## Problem to work on
Reproduce the entries shown below only from the line with "have W_size : size W = (size q + k).*2.+1." down to the line with "have ycs_path : path G j (y :: cs).", keeping both end lines and copying each one exactly.
====== Exercise materials
(* Let $\pi_1,\pi_2:\mathbb P^3\dashrightarrow\mathbb P^2$ be linear projections with non-coincident centers $c_1,c_2$. A permissible quadric $Q$ through $c_1,c_2$ defines a (non-degenerate quadratic) Cremona transformation $f:\mathbb P^2\dashrightarrow\mathbb P^2$ such that $f(\pi_1(p))=\pi_2(p)$ for every point $p\in Q$ (where defined). The base points of $f$ are $\pi_1(c_2)$ and the images under $\pi_1$ of the two lines contained in $Q$ passing through $c_1$. Similarly, the base points of $f^{-1}$ are $\pi_2(c_1)$ and the images under $\pi_2$ of the two lines contained in $Q$ passing through $c_2$.
   Context: Work over $\mathbb C$. A linear projection $\pi:\mathbb P^3\dashrightarrow\mathbb P^2$ is $p\mapsto Ap$, $A\in\mathbb C^{3\times4}$ of rank three, with center spanning $\ker A$. A permissible quadric (for centers $c_1\ne c_2$) is a smooth quadric surface containing $c_1,c_2$ but not containing the line $\overline{c_1c_2}$. A quadratic Cremona transformation is a birational map $\mathbb P^2\dashrightarrow\mathbb P^2$ given by three homogeneous quadrics; it has three base points and three exceptional lines, and is non-degenerate if these are distinct. *)

(* Projective geometry over a field C, with points of P^n
   represented by nonzero column vectors 'cV[C]_(n+1) up to scaling. *)
From HB Require Import structures.
From mathcomp Require Import all_boot all_order all_algebra.
From mathcomp Require Import complex.
From mathcomp Require Import reals.
Set Implicit Arguments. Unset Strict Implicit. Unset Printing Implicit Defensive.
Import Order.TTheory GRing.Theory Num.Theory.
Local Open Scope ring_scope.
Lemma edge_in_pow1 x y : G x y -> ideal_pow I 1 (X x * X y).
Proof. by move/mem_edge_gens; apply: in_ideal_pow1. Qed.

Lemma emon_edge x y : G x y -> emon [set x; y] = X x * X y.
Proof. by move=> Gxy; apply: emon_pair; apply: contraTneq Gxy => ->; rewrite Girr. Qed.

Lemma edge_set_in_pow (A : {set {set 'I_n}}) :
  {subset A <= edges G} -> ideal_pow I #|A| (\prod_(e in A) emon e).
Proof.
move=> A_G; rewrite -big_enum cardE; apply: in_ideal_pow_prod => e.
rewrite mem_enum => /A_G /edgesP [x [y [Gxy ->]]].
by rewrite emon_edge //; apply: edge_in_pow1.
Qed.

Lemma prod_walk_edges x s :
  path G x s -> \prod_(e <- walk_edges x s) emon e = xprod (belast x s) * xprod s.
Proof.
elim: s x => [|y s IHs] x /=; first by rewrite /xprod !big_nil mulr1.
case/andP => Gxy /IHs IH; rewrite big_cons IH /xprod !big_cons emon_edge //.
by rewrite mulrACA.
Qed.

Lemma odd_walk_in_pow x s :
  path G x s -> odd (size s) -> ideal_pow I (size s).+1./2 (xprod (x :: s)).
Proof.
move=> xs_path s_odd; have := odd_double_half (size s); rewrite s_odd add1n => {s_odd} s_size.
rewrite -s_size -doubleS doubleK; move: (size s)./2 s_size => l.
elim: l x s xs_path => [|l IHl] x [|y [|z s]] //=.
  by rewrite andbT /xprod !big_cons big_nil mulr1 => /edge_in_pow1.
case/and3P => Gxy Gyz zs_path [s_size]; rewrite /xprod 2!big_cons mulrA -add1n.
by apply: in_ideal_powM; [apply: edge_in_pow1 | apply: IHl].
Qed.

(* The walk from [j] along [q], once around [c] and back along [q] to [j] has an even
   number of vertices. *)
Lemma cycle_walk_in_pow c k j q :
  cycle G c -> size c = k.*2.+1 -> path G j q -> last j q \in c ->
  ideal_pow I (size q + k + 1) (X j * xprod c * \prod_(e <- walk_edges j q) emon e).
Proof.
set u := last j q => c_cycle c_size jq_path /rot_to [i cs c_rot].
have cs_size : size cs = k.*2 by move: c_size; rewrite -(size_rot i) c_rot => -[].
have us_path : path G u (rcons cs u).
  by rewrite -[path _ _ _]/(cycle G (u :: cs)) -c_rot rot_cycle.
set W := q ++ rcons cs u ++ rev (belast j q).
have W_path : path G j W.
  rewrite !cat_path jq_path us_path last_rcons rev_path /=.
  by apply: sub_path jq_path => a b; rewrite Gsym.
have W_size : size W = (size q + k).*2.+1.
  by rewrite !size_cat size_rcons size_rev size_belast cs_size; lia.
have := odd_walk_in_pow W_path; rewrite W_size oddS odd_double -doubleS doubleK => /(_ isT).
congr in_ideal; first by congr pow_gens; lia.
rewrite prod_walk_edges // -(xprod_rot i c) c_rot /xprod.
by rewrite !big_cons !big_cat big_rcons big_rev /=; ring.
Qed.

Lemma leaf_walk_in_pow c k j y q :
  cycle G c -> size c = k.*2.+1 -> G j y -> path G y q -> last y q \in c ->
  ideal_pow I (size q + k + 1) (X j * xprod c * \prod_(e <- walk_edges y q) emon e).
Proof.
move=> c_cycle c_size Gjy.
case: q => [_ /= /rot_to [i cs c_rot] | z q /= /andP [Gyz zq_path] zq_last].
  have cs_size : size cs = k.*2 by move: c_size; rewrite -(size_rot i) c_rot => -[].
  have ycs_path : path G j (y :: cs).
    move: c_cycle; rewrite -(rot_cycle i) c_rot /= rcons_path => /andP [ycs_path _].
    by rewrite /= Gjy.
  have := odd_walk_in_pow ycs_path.
  rewrite [size _]/= cs_size oddS odd_double -doubleS doubleK => /(_ isT).
  by rewrite big_nil mulr1 -(xprod_rot i c) c_rot /xprod big_cons addn1.
rewrite big_cons emon_edge // [size _]/= !addSn -add1n.
set E := \prod_(e <- _) _.
have -> : X j * xprod c * (X y * X z * E) = X j * X y * (X z * xprod c * E) by ring.
by apply: in_ideal_powM; [apply: edge_in_pow1 | apply: cycle_walk_in_pow].
Qed.

End EdgeIdealPowers.

Section Collapse.
Variables (K : fieldType) (n : nat).

Definition collapse : {rmorphism {mpoly K[n]} -> {poly K}} := mmap (@polyC K) (fun _ => 'X).

Lemma collapseX i : collapse 'X_i = 'X.
Proof. by rewrite /collapse /= mmapX mmap1U. Qed.

Lemma collapse_xprod s : collapse (xprod K s) = 'X^(size s).
Proof.
elim: s => [|v s IHs]; first by rewrite /xprod big_nil rmorph1.
by rewrite /xprod big_cons rmorphM collapseX -/(xprod K s) IHs exprS.
Qed.

Lemma collapse_pow_gens (gs : seq {mpoly K[n]}) t p :
  (forall g, g \in gs -> collapse g = 'X^2) ->
  in_ideal (pow_gens gs t) p -> ('X^(t.*2) %| collapse p)%R.
Proof.
move=> gs_quad; have pow_gens_t g : g \in pow_gens gs t -> collapse g = 'X^(t.*2).
  elim: t g => [|t IHt] g /=; first by rewrite inE => /eqP ->; rewrite rmorph1.
  case/allpairsP => -[a b] /= [/gs_quad gs_a /IHt pow_b ->].
  by rewrite rmorphM gs_a pow_b -exprD doubleS add2n.
move: p; apply: in_ideal_ind => [|a b|r a|g /pow_gens_t ->].
- by rewrite rmorph0 dvdp0.
- by rewrite rmorphD; apply: dvdp_add.
- by rewrite rmorphM; apply: dvdp_mull.
- exact: dvdpp.
Qed.

Lemma notin_pow_of_collapse (gs : seq {mpoly K[n]}) t p :
  (forall g, g \in gs -> collapse g = 'X^2) -> (0 < t)%N ->
  collapse p = 'X^(t.*2.-1) -> ~ in_ideal (pow_gens gs t) p.
Proof.
move=> gs_quad t_gt0 p_deg /(collapse_pow_gens gs_quad).
by rewrite p_deg dvdp_Pexp2l ?size_polyX //; lia.
Qed.

Lemma collapse_edge_gens (G : rel 'I_n) g : g \in @edge_gens K n G -> collapse g = 'X^2.
Proof. by case/allpairsPdep => i [j [_ _ ->]]; rewrite rmorphM !collapseX expr2. Qed.
End Collapse.
Arguments collapse {K n}.

Section Socle.
Variables (K : fieldType) (n : nat) (G H : rel 'I_n) (c : seq 'I_n).
Hypotheses (Gsym : ssrbool.symmetric G) (Girr : irreflexive G) (Hsym : ssrbool.symmetric H).
Hypotheses (HG : subrel H G) (Hconn : connected_graph H) (Hc : is_cycle H c).
Hypothesis c_odd : odd (size c).
Local Notation X i := ('X_i : {mpoly K[n]}).
Local Notation I := (@edge_gens K n G).
Local Notation k := (size c)./2.

Lemma size_cycle : size c = k.*2.+1.
Proof. by rewrite -[LHS]odd_double_half c_odd add1n. Qed.

Lemma d_HE : d_H H c = (#|Estar H c| + k + 1)%N.
Proof. by rewrite /d_H {1}size_cycle /= doubleK. Qed.

Lemma Estar_sub_edges : {subset Estar H c <= edges G}.
Proof. by move=> e; rewrite inE => /andP [/(edges_sub HG)]. Qed.

Definition socle_witness : {mpoly K[n]} := xprod K c * \prod_(e in Estar H c) emon K e.

Lemma mulX_socle_in_pow_of_walk j s :
  uniq s -> {subset s <= Estar H c} ->
  ideal_pow I (size s + k + 1) (X j * xprod K c * \prod_(e <- s) emon K e) ->
  ideal_pow I (d_H H c) (X j * socle_witness).
Proof.
move=> s_uniq s_Estar walk_pow; set S := [set e in s].
have S_sub : S \subset Estar H c by apply/subsetP => e; rewrite inE; apply: s_Estar.
rewrite d_HE -(cardsID S) (setIidPr S_sub) cardsE (card_uniqP s_uniq).
rewrite /socle_witness (big_setID S) (setIidPr S_sub) /=.
have -> : \prod_(e in S) emon K e = \prod_(e <- s) emon K e.
  by rewrite big_uniq //; apply: eq_bigl => e; rewrite inE.
rewrite !mulrA.
have -> : (size s + #|Estar H c :\: S| + k + 1 = size s + k + 1 + #|Estar H c :\: S|)%N by lia.
apply: in_ideal_powM walk_pow (edge_set_in_pow K Girr _).
by move=> e /setDP [/Estar_sub_edges].
Qed.

Lemma mulX_socle_in_pow j : ideal_pow I (d_H H c) (X j * socle_witness).
Proof.
have c_cycle : cycle G c by case: Hc => _ [_ /(sub_cycle HG)].
have [j_c|j_c] := boolP (j \in c).
  apply: (@mulX_socle_in_pow_of_walk j [::]) => //.
  by have := cycle_walk_in_pow K Gsym Girr c_cycle size_cycle (erefl : path G j [::]) j_c.
have [q [jq_path jq_uniq jq_last jq_off]] := exists_path_to_cycle Hc Hconn j_c.
have [deg_j|deg_j] := eqVneq (degree H j) 1%N; last first.
  apply: (@mulX_socle_in_pow_of_walk j (walk_edges j q)); first exact: uniq_walk_edges.
    exact: walk_edges_sub_Estar.
  rewrite size_walk_edges; apply: (cycle_walk_in_pow K Gsym Girr c_cycle size_cycle) => //.
  exact (sub_path HG jq_path).
(* [j] is a leaf: its edge is not in E*(H), and is absorbed by [x_j] instead. *)
case: q jq_path jq_uniq jq_last jq_off => [_ _ /= j_c' | y q jq_path jq_uniq jq_last jq_off].
  by rewrite j_c' in j_c.
have /andP [Hjy yq_path] := jq_path; have /andP [_ yq_uniq] := jq_uniq.
apply: (@mulX_socle_in_pow_of_walk j (walk_edges y q)); first exact: uniq_walk_edges.
  have deg_y := degree_next_neq1 Hsym Hc jq_path jq_uniq jq_last.
  apply: (walk_edges_sub_Estar Hsym Hc yq_path yq_uniq jq_last _ deg_y).
  by move=> v yq_v; apply: jq_off; rewrite /= inE yq_v orbT.
rewrite size_walk_edges.
apply: (leaf_walk_in_pow K Gsym Girr c_cycle size_cycle (HG Hjy)) => //.
exact (sub_path HG yq_path).
Qed.

Lemma collapse_socle_witness : collapse socle_witness = 'X^((d_H H c).*2.-1).
Proof.
rewrite rmorphM collapse_xprod rmorph_prod (eq_bigr (fun=> 'X^2)) => [|e]; last first.
  case/Estar_sub_edges/edgesP => x [y [Gxy ->]].
  by rewrite (emon_edge K Girr Gxy) rmorphM !collapseX expr2.
rewrite prodr_const -exprM -exprD d_HE size_cycle; congr 'X^_.
by rewrite -!muln2; lia.
Qed.

Lemma has_regseq_edge_ideal_pow i r :
  has_regseq (@max_ideal K n) (ideal_pow I (d_H H c + i)) r <-> (r <= 1)%N.
Proof.
have [c_gt2 [c_uniq c_cycle]] := Hc.
have [c0 [c1 [c2 [cs c_def]]]] : exists c0 c1 c2 cs, c = [:: c0, c1, c2 & cs].
  by case: (c) c_gt2 => [|c0 [|c1 [|c2 cs]]] //; exists c0, c1, c2, cs.
rewrite c_def in c_uniq c_cycle; case/and3P: c_cycle => _ Hc12 _.
have c0_c1 : c0 != c1 by move: c_uniq; rewrite /= !inE; case: eqP.
have c0_c2 : c0 != c2 by move: c_uniq; rewrite /= !inE; case: (c0 =P c2); rewrite ?orbT.
set e := X c1 * X c2; have I_e : e \in I by apply/mem_edge_gens/HG.
apply: (@has_regseq_le1 _ _ _ (in_ideal0 _) (socle_witness * e ^+ i) (X c0)
  (e ^+ (d_H H c + i))).
- apply: (notin_pow_of_collapse (@collapse_edge_gens K n G)); first by rewrite d_HE; lia.
  rewrite rmorphM collapse_socle_witness rmorphXn rmorphM !collapseX -expr2 -exprM -exprD.
  by congr 'X^_; rewrite d_HE -!muln2; lia.
- move=> f; apply: in_ideal_mulr => _ /mapP [v _ ->]; rewrite mulrA.
  exact: in_ideal_powM (mulX_socle_in_pow v) (in_ideal_pow_exp _ I_e).
- by apply/mem_in_ideal/map_f; rewrite mem_enum.
- by apply/eqP => /(congr1 collapse)/eqP; rewrite collapseX rmorph0 polyX_eq0.
- exact: in_ideal_pow_exp.
case/in_smod1 => m _ /(congr1 (meval (fun v => (v != c0)%:R))).
rewrite mevalM rmorphXn /e rmorphM /= !mevalXU eqxx mul0r eq_sym c0_c1 eq_sym c0_c2.
by rewrite mulr1 expr1n => /eqP; rewrite oner_eq0.
Qed.
End Socle.
(* The hypothesis E + E^T > eps I makes e strongly monotone,
   <a - b, e a - e b> >= (eps/2) |a - b|^2, by the mean value inequality along
   segments.  Hence e is injective, and it is onto: |e y - c|^2 is coercive, so
   it attains a minimum, where its derivative 2 <e y - c, E (e y - c)> vanishes,
   which forces e y = c.  Monotonicity: F, K >= 0 make f monotone, and since E is
   a Z-matrix (only this half of the M-matrix hypothesis is needed) e cannot
   increase a coordinate while the others grow, which together with strong
   monotonicity gives e z <= e y -> z <= y.  Contraction: differentiating
   alpha <sg(a - b), e> - <sg(f a - f b), f> along [b, a], the Z-sign pattern of E,
   F >= 0 and the column condition 1^T F <= alpha 1^T E give
   |f a - f b|_1 <= alpha |e a - e b|_1, while strong monotonicity bounds
   |a - b|_oo by |e a - e b|_1 / (eps/2).  Positivity is monotonicity against the
   zero trajectory. *)

From HB Require Import structures.
From mathcomp Require Import all_boot all_order all_algebra.
From mathcomp Require Import all_classical all_reals all_analysis.
From mathcomp Require Import complex.
From mathcomp Require Import lra.
Import Order.TTheory GRing.Theory Num.Theory.
Import numFieldNormedType.Exports.
Local Open Scope ring_scope.
Set Implicit Arguments. Unset Strict Implicit.

Section RowDot.
Variable R : realFieldType.

Definition dotr k (u v : 'rV[R]_k) : R := (u *m v^T) 0 0.

Definition l1norm k (v : 'rV[R]_k) : R := \sum_i `|v 0 i|.
Definition msupport (R : realType) (d : nat)
    (mu : {measure set (Rd R d) -> \bar R}) : set (Rd R d) :=
  [set x | forall U : set 'rV[R]_d, open U -> U x -> (0 < mu U)%E].

Definition isotropic (R : realType) (d : nat)
    (mu : {measure set (Rd R d) -> \bar R}) : Prop :=
  forall y, sphere R d y ->
    (\int[mu]_(x in sphere R d) ((dotp x y) ^+ 2)%:E = (d%:R^-1)%:E)%E.

(* Let f(x,y,z) := <x,y><x,z><y,z> and let M := \int x x^T dmu be the second-moment
   matrix of mu: it is symmetric, positive semidefinite and of trace 1.  Integrating
   f successively in x, y and z only ever integrates a quadratic form against M, and
   gives tr M^3.  With a := 1/d,
     tr M^3 - a^2 = \sum_k (M e_k - a e_k)^T M (M e_k - a e_k) + 2a |M - aI|^2,
   so tr M^3 >= 1/d^2, with equality iff M = I/d, i.e. iff mu is isotropic.  As
   |f| >= f, the triple integral of |f| is at least tr M^3 >= 1/d^2.  If it equals
   1/d^2 then M = I/d, and a triple of support points with f < 0 would give, by
   continuity, neighbourhoods of positive mass on which |f| - f is bounded below,
   making the integral strictly larger.  Conversely the complement of the support
   is null (R^d has a countable base of rational balls), so under the sign
   condition |f| = f almost everywhere and the integral is tr M^3 = 1/d^2. *)

From HB Require Import structures.
From mathcomp Require Import all_boot all_order all_algebra.
From mathcomp Require Import all_classical all_reals all_analysis.
From mathcomp Require Import measurable_realfun.
From mathcomp Require Import ring lra.
Set Implicit Arguments. Unset Strict Implicit. Unset Printing Implicit Defensive.
Import Order.TTheory GRing.Theory Num.Theory.
Import numFieldNormedType.Exports.
Local Open Scope classical_set_scope.
Local Open Scope ring_scope.

Section TraceCube.
Variables (R : realFieldType) (d : nat).
Implicit Types (c M : 'I_d -> 'I_d -> R) (u v : 'I_d -> R).

Definition frob c M := \sum_i \sum_j c i j * M i j.
Definition outer u v i j := u i * v j.
(* [tr (M^T M M)], that is [tr M^3] for a symmetric [M]. *)
Definition cube_trace M := frob (fun j k => \sum_i M i j * M i k) M.

Lemma sum_delta (a : R) (k : 'I_d) (g : 'I_d -> R) :
  \sum_j a * (k == j)%:R * g j = a * g k.
Proof.
rewrite (bigD1 k) //= eqxx mulr1 big1 ?addr0 // => j /negbTE.
by rewrite eq_sym => ->; rewrite mulr0 mul0r.
Qed.

Lemma frob_outer_pair M (p q : R) (i j : 'I_d) :
  let w k := p * (i == k)%:R + q * (j == k)%:R in
  frob (outer w w) M = p ^+ 2 * M i i + p * q * (M i j + M j i) + q ^+ 2 * M j j.
Proof.
move=> w; rewrite /frob /outer.
have inner k : \sum_l w k * w l * M k l = w k * p * M k i + w k * q * M k j.
  rewrite (eq_bigr (fun l => (w k * p) * (i == l)%:R * M k l
    + (w k * q) * (j == l)%:R * M k l)); last by move=> l _; rewrite /w; ring.
  by rewrite big_split /= !sum_delta.
rewrite (eq_bigr _ (fun k _ => inner k)) /w.
rewrite (eq_bigr (fun k => (p * p) * (i == k)%:R * M k i + (p * q) * (i == k)%:R * M k j
   + (q * p) * (j == k)%:R * M k i + (q * q) * (j == k)%:R * M k j)); last by move=> k _; ring.
rewrite !big_split /= !sum_delta; ring.
Qed.

Lemma sum_sqr_pair (p q : R) (i j : 'I_d) :
  \sum_k (p * (i == k)%:R + q * (j == k)%:R) ^+ 2 =
  p ^+ 2 + 2 * p * q * (i == j)%:R + q ^+ 2.
Proof.
rewrite (eq_bigr (fun k => (p * p) * (i == k)%:R * (i == k)%:R
   + (2 * p * q) * (i == k)%:R * (j == k)%:R
   + (q * q) * (j == k)%:R * (j == k)%:R)); last by move=> k _; ring.
by rewrite !big_split /= !sum_delta !eqxx mulr1n [j == i]eq_sym; ring.
Qed.

Lemma cube_trace_scalar (a : R) :
  cube_trace (fun i j => a * (i == j)%:R) = d%:R * a ^+ 3.
Proof.
rewrite /cube_trace /frob.
have inner (j k : 'I_d) : \sum_i a * (i == j)%:R * (a * (i == k)%:R) = a * a * (j == k)%:R.
  rewrite -(sum_delta _ _ (fun i => (i == k)%:R)); apply: eq_bigr => i _.
  by rewrite [i == j]eq_sym; ring.
under eq_bigr do under eq_bigr do rewrite inner.
rewrite (eq_bigr (fun _ => a ^+ 3)); first by rewrite sumr_const card_ord mulr_natl.
move=> j _; rewrite (eq_bigr (fun k => a ^+ 3 * (j == k)%:R * (j == k)%:R)).
  by rewrite sum_delta eqxx mulr1n mulr1.
by move=> k _; ring.
Qed.

Definition iso_dev M i j := M i j - d%:R^-1 * (i == j)%:R.

Section PositiveTraceOne.
Variable M : 'I_d -> 'I_d -> R.
Hypothesis M_sym : forall i j, M i j = M j i.
Hypothesis M_psd : forall v, 0 <= frob (outer v v) M.
Hypothesis M_tr : \sum_i M i i = 1.
Hypothesis d_gt0 : (0 < d)%N.

Local Notation a := (d%:R^-1 : R).

Lemma frob_outer_shift u (b : R) (k : 'I_d) :
  let w i := u i - b * (k == i)%:R in
  frob (outer w w) M =
  frob (outer u u) M - 2 * b * \sum_j u j * M k j + b ^+ 2 * M k k.
Proof.
move=> w; rewrite /frob /outer /w.
have inner i : \sum_j (u i - b * (k == i)%:R) * (u j - b * (k == j)%:R) * M i j =
    \sum_j u i * u j * M i j - b * (u i * M i k)
    - b * (k == i)%:R * \sum_j u j * M i j + b ^+ 2 * (k == i)%:R * M i k.
  rewrite (eq_bigr (fun j => u i * u j * M i j - (b * u i) * (k == j)%:R * M i j
     - (b * (k == i)%:R) * (u j * M i j) + (b ^+ 2 * (k == i)%:R) * (k == j)%:R * M i j));
    last by move=> j _; ring.
  by rewrite !big_split /= !sumrN -big_distrr /= !sum_delta; ring.
rewrite (eq_bigr _ (fun i _ => inner i)) !big_split /= !sumrN !sum_delta -big_distrr /=.
have -> : \sum_i u i * M i k = \sum_j u j * M k j.
  by apply: eq_bigr => i _; rewrite M_sym.
ring.
Qed.

Lemma cube_trace_sub :
  cube_trace M - a ^+ 2 =
  \sum_k frob (outer (iso_dev M k) (iso_dev M k)) M
  + 2 * a * \sum_i \sum_j iso_dev M i j ^+ 2.
Proof.
pose P2 := \sum_i \sum_j M i j * M i j.
have cubeE : \sum_k frob (outer (M k) (M k)) M = cube_trace M.
  rewrite /cube_trace /frob /outer.
  under [RHS]eq_bigr do under eq_bigr do rewrite big_distrl /=.
  under [RHS]eq_bigr do rewrite exchange_big /=.
  by rewrite [RHS]exchange_big.
have shiftE : \sum_k frob (outer (iso_dev M k) (iso_dev M k)) M =
    cube_trace M - 2 * a * P2 + a ^+ 2.
  rewrite (eq_bigr _ (fun k _ => frob_outer_shift (M k) a k)) !big_split /= sumrN.
  by rewrite cubeE -!big_distrr /= M_tr mulr1.
have devE : \sum_i \sum_j iso_dev M i j ^+ 2 = P2 - 2 * a + a ^+ 2 * d%:R.
  have row i : \sum_j iso_dev M i j ^+ 2 = \sum_j M i j * M i j - 2 * a * M i i + a ^+ 2.
    rewrite (eq_bigr (fun j => M i j * M i j - (2 * a) * (i == j)%:R * M i j
        + a ^+ 2 * (i == j)%:R * (i == j)%:R)); last by move=> j _; rewrite /iso_dev; ring.
    by rewrite !big_split /= sumrN !sum_delta eqxx mulr1n mulr1.
  rewrite (eq_bigr _ (fun i _ => row i)) !big_split /= sumrN -big_distrr /= M_tr.
  by rewrite sumr_const card_ord mulr_natr mulr1.
have d0 : d%:R != 0 :> R by rewrite pnatr_eq0 -lt0n.
by rewrite shiftE devE; field.
Qed.

Let sum_iso_dev_ge0 : 0 <= 2 * a * \sum_i \sum_j iso_dev M i j ^+ 2.
Proof.
rewrite !mulr_ge0 ?invr_ge0 ?ler0n ?sumr_ge0 // => i _.
by rewrite sumr_ge0 // => j _; exact: sqr_ge0.
Qed.

Lemma cube_trace_ge : a ^+ 2 <= cube_trace M.
Proof.
by rewrite -subr_ge0 cube_trace_sub addr_ge0 ?sum_iso_dev_ge0 // sumr_ge0.
Qed.

Lemma cube_trace_eq : cube_trace M = a ^+ 2 -> forall i j, M i j = a * (i == j)%:R.
Proof.
move=> /eqP; rewrite -subr_eq0 cube_trace_sub paddr_eq0 ?sum_iso_dev_ge0 ?sumr_ge0 //.
have a2 : 2 * a != 0 by rewrite mulf_neq0 ?invr_eq0 ?pnatr_eq0 // -lt0n.
case/andP=> _; rewrite mulf_eq0 (negbTE a2) /=.
rewrite psumr_eq0 => [/allP dev0 i j|i _]; last by rewrite sumr_ge0 // => j _; exact: sqr_ge0.
move: (dev0 i (mem_index_enum _)) => /=.
rewrite psumr_eq0 => [/allP/(_ j (mem_index_enum _))|k _]; last exact: sqr_ge0.
by rewrite /= sqrf_eq0 subr_eq0 => /eqP.
Qed.

End PositiveTraceOne.
End TraceCube.

Section SphereGeometry.
Variables (R : realType) (d : nat).
Local Notation T := (Rd R d).
Local Notation S := (sphere R d).

Definition entry (x : T) (i : 'I_d) : R := (x : 'rV[R]_d) 0 i.

Lemma Rd_continuous_measurable (g : 'rV[R]_d -> R) :
  continuous g -> measurable_fun setT (g : T -> R).
Proof.
move=> cg; apply: (measurability _ (RGenOpens.measurableE R)).
move=> _ [_ [a [b ->] <-]]; rewrite setTI; apply: sub_sigma_algebra.
by apply: open_comp; [move=> x _; exact: cg | exact: interval_open].
Qed.

Lemma measurable_entry i : measurable_fun setT (entry ^~ i).
Proof. by apply: Rd_continuous_measurable; exact: coord_continuous. Qed.

Lemma measurable_dotp d' (U : measurableType d') (p q : U -> T) :
  measurable_fun setT p -> measurable_fun setT q ->
  measurable_fun setT (fun u => dotp (p u) (q u)).
Proof.
move=> mp mq; apply: measurable_sum => i; apply: measurable_funM.
- exact: measurableT_comp (measurable_entry i) mp.
- exact: measurableT_comp (measurable_entry i) mq.
Qed.

Lemma measurable_sphere : measurable S.
Proof.
have := measurable_dotp (@measurable_id _ T setT) (@measurable_id _ T setT).
by move=> /(_ measurableT [set 1]); rewrite setTI; apply; exact: measurable_set1.
Qed.

Lemma sphere_entry_le1 x i : S x -> `|entry x i| <= 1.
Proof.
move=> Sx; have : entry x i ^+ 2 <= 1.
  rewrite -Sx /dotp (bigD1 i) //= -expr2 lerDl.
  by apply: sumr_ge0 => j _; rewrite -expr2 sqr_ge0.
by move=> h; rewrite -ler_sqr ?nnegrE // expr1n real_normK ?num_real.
Qed.

Lemma sphere_dotp_le1 x y : S x -> S y -> `|dotp x y| <= 1.
Proof.
rewrite /sphere /= /dotp => Sx Sy; apply: (le_trans (ler_norm_sum _ _ _)).
have <- : \sum_i (x 0 i * x 0 i + y 0 i * y 0 i) / 2 = 1 :> R.
  by rewrite -mulr_suml big_split /= Sx Sy; field.
apply: ler_sum => i _; rewrite normrM.
have := sqr_ge0 (`|x 0 i| - `|y 0 i|).
by rewrite -[x 0 i * _]real_normK ?num_real // -[y 0 i * _]real_normK ?num_real //; nra.
Qed.

Definition quad (c : 'I_d -> 'I_d -> R) (x : T) := frob c (outer (entry x) (entry x)).

Lemma measurable_quad c : measurable_fun setT (quad c).
Proof.
apply: measurable_sum => i; apply: measurable_sum => j.
by apply: measurable_funM => //; apply: measurable_funM; exact: measurable_entry.
Qed.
============
## Response to the task
have W_size : size W = (size q + k).*2.+1.
  by rewrite !size_cat size_rcons size_rev size_belast cs_size; lia.
have := odd_walk_in_pow W_path; rewrite W_size oddS odd_double -doubleS doubleK => /(_ isT).
congr in_ideal; first by congr pow_gens; lia.
rewrite prod_walk_edges // -(xprod_rot i c) c_rot /xprod.
by rewrite !big_cons !big_cat big_rcons big_rev /=; ring.
Qed.

Lemma leaf_walk_in_pow c k j y q :
  cycle G c -> size c = k.*2.+1 -> G j y -> path G y q -> last y q \in c ->
  ideal_pow I (size q + k + 1) (X j * xprod c * \prod_(e <- walk_edges y q) emon e).
Proof.
move=> c_cycle c_size Gjy.
case: q => [_ /= /rot_to [i cs c_rot] | z q /= /andP [Gyz zq_path] zq_last].
  have cs_size : size cs = k.*2 by move: c_size; rewrite -(size_rot i) c_rot => -[].
  have ycs_path : path G j (y :: cs).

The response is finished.